→ TASK TO COMPLETE: Lines before the one containing "if s is inr _ then true else false." are to be skipped; reproduce that line and the rest of the records below exactly.

→ SUPPLIED DATA:

(* Consider the context-free grammar with nonterminals $S,R$, terminals $\bullet,(,)$, start symbol $S$ and rules $$S\to \bullet \mid S\bullet \mid (R) \mid S(R),\qquad R\to (\bullet) \mid (R) \mid (S(R)) \mid (S\bullet).$$ Then the grammar is non-ambiguous, the language generated from $S$ is exactly the set of nonempty canonical secondary structures (in dot-bracket notation), and the language generated from $R$ is exactly the set of nonempty secondary structures $T$ such that $(T)$ is canonical.
   Context: A secondary structure on $[1,n]$ (with $\theta=1$) is a set of pairs $(i,j)$, $1\le i<j\le n$, with no crossing pairs ($i<k<j<\ell$), each position in at most one pair, and $j-i>1$ for each pair; it is written as a dot-bracket word over $\{\bullet,(,)\}$. It is canonical if there is no pair $(i,j)$ with both $(i-1,j+1)$ and $(i+1,j-1)$ absent. A grammar is non-ambiguous if no word has two distinct leftmost derivations. *)

From mathcomp Require Import all_boot.
From Stdlib Require List.
Set Implicit Arguments. Unset Strict Implicit. Unset Printing Implicit Defensive.

(* Sentential forms are words over N + T (inl = nonterminal, inr = terminal). *)
Definition grammar (N T : Type) := N -> list (list (N + T)).

Definition is_terminal {N T : Type} (s : N + T) : bool :=
  if s is inr _ then true else false.

Definition step {N T : Type} (g : grammar N T) (u v : list (N + T)) : Prop :=
  exists (x : list (N + T)) (A : N) (y rhs : list (N + T)),
    List.In rhs (g A) /\ u = x ++ inl A :: y /\ v = x ++ rhs ++ y.

Definition lm_step {N T : Type} (g : grammar N T) (u v : list (N + T)) : Prop :=
  exists (x : list (N + T)) (A : N) (y rhs : list (N + T)),
    all is_terminal x /\ List.In rhs (g A) /\
    u = x ++ inl A :: y /\ v = x ++ rhs ++ y.

Inductive derives {N T : Type} (g : grammar N T) :
  list (N + T) -> list (N + T) -> Prop :=
| derives_refl u : derives g u u
| derives_step u v w : step g u v -> derives g v w -> derives g u w.

Definition generates {N T : Type} (g : grammar N T) (A : N) (w : list T) : Prop :=
  derives g [:: inl A] (map inr w).

(* A leftmost derivation of w from A is recorded as the list d of the
   sentential forms following the initial form [A]; consecutive forms are
   related by leftmost steps and the last form is w. *)
Fixpoint lm_chain {N T : Type} (g : grammar N T) (u : list (N + T))
    (d : list (list (N + T))) : Prop :=
  match d with
  | [::] => True
  | v :: d' => lm_step g u v /\ lm_chain g v d'
  end.

Definition lm_derivation {N T : Type} (g : grammar N T) (A : N) (w : list T)
    (d : list (list (N + T))) : Prop :=
  lm_chain g [:: inl A] d /\ last [:: inl A] d = map inr w.

Definition non_ambiguous {N T : Type} (g : grammar N T) (S : N) : Prop :=
  forall (w : list T) d1 d2,
    lm_derivation g S w d1 -> lm_derivation g S w d2 -> d1 = d2.

Inductive sym := Dot | Op | Cl.

(* A secondary structure on [1,n] (theta = 1): a set P of pairs (i,j). *)
Definition secstruct (n : nat) (P : nat -> nat -> bool) : Prop :=
  (forall i j, P i j -> [/\ 1 <= i, i < j, j <= n & j - i > 1]) /\
  (forall i j k l, P i j -> P k l -> ~ (i < k /\ k < j /\ j < l)) /\
  (forall i j k l p, P i j -> P k l -> (p = i \/ p = j) -> (p = k \/ p = l) ->
     i = k /\ j = l).

Definition canonical (P : nat -> nat -> bool) : Prop :=
  forall i j, P i j -> P i.-1 j.+1 \/ P i.+1 j.-1.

→ RESULT OF THE TASK:
  if s is inr _ then true else false.

Definition step {N T : Type} (g : grammar N T) (u v : list (N + T)) : Prop :=
  exists (x : list (N + T)) (A : N) (y rhs : list (N + T)),
    List.In rhs (g A) /\ u = x ++ inl A :: y /\ v = x ++ rhs ++ y.

Definition lm_step {N T : Type} (g : grammar N T) (u v : list (N + T)) : Prop :=
  exists (x : list (N + T)) (A : N) (y rhs : list (N + T)),
    all is_terminal x /\ List.In rhs (g A) /\
    u = x ++ inl A :: y /\ v = x ++ rhs ++ y.

Inductive derives {N T : Type} (g : grammar N T) :
  list (N + T) -> list (N + T) -> Prop :=
| derives_refl u : derives g u u
| derives_step u v w : step g u v -> derives g v w -> derives g u w.

Definition generates {N T : Type} (g : grammar N T) (A : N) (w : list T) : Prop :=
  derives g [:: inl A] (map inr w).

(* A leftmost derivation of w from A is recorded as the list d of the
   sentential forms following the initial form [A]; consecutive forms are
   related by leftmost steps and the last form is w. *)
Fixpoint lm_chain {N T : Type} (g : grammar N T) (u : list (N + T))
    (d : list (list (N + T))) : Prop :=
  match d with
  | [::] => True
  | v :: d' => lm_step g u v /\ lm_chain g v d'
  end.

Definition lm_derivation {N T : Type} (g : grammar N T) (A : N) (w : list T)
    (d : list (list (N + T))) : Prop :=
  lm_chain g [:: inl A] d /\ last [:: inl A] d = map inr w.

Definition non_ambiguous {N T : Type} (g : grammar N T) (S : N) : Prop :=
  forall (w : list T) d1 d2,
    lm_derivation g S w d1 -> lm_derivation g S w d2 -> d1 = d2.

Inductive sym := Dot | Op | Cl.

(* A secondary structure on [1,n] (theta = 1): a set P of pairs (i,j). *)
Definition secstruct (n : nat) (P : nat -> nat -> bool) : Prop :=
  (forall i j, P i j -> [/\ 1 <= i, i < j, j <= n & j - i > 1]) /\
  (forall i j k l, P i j -> P k l -> ~ (i < k /\ k < j /\ j < l)) /\
  (forall i j k l p, P i j -> P k l -> (p = i \/ p = j) -> (p = k \/ p = l) ->
     i = k /\ j = l).

Definition canonical (P : nat -> nat -> bool) : Prop :=
  forall i j, P i j -> P i.-1 j.+1 \/ P i.+1 j.-1.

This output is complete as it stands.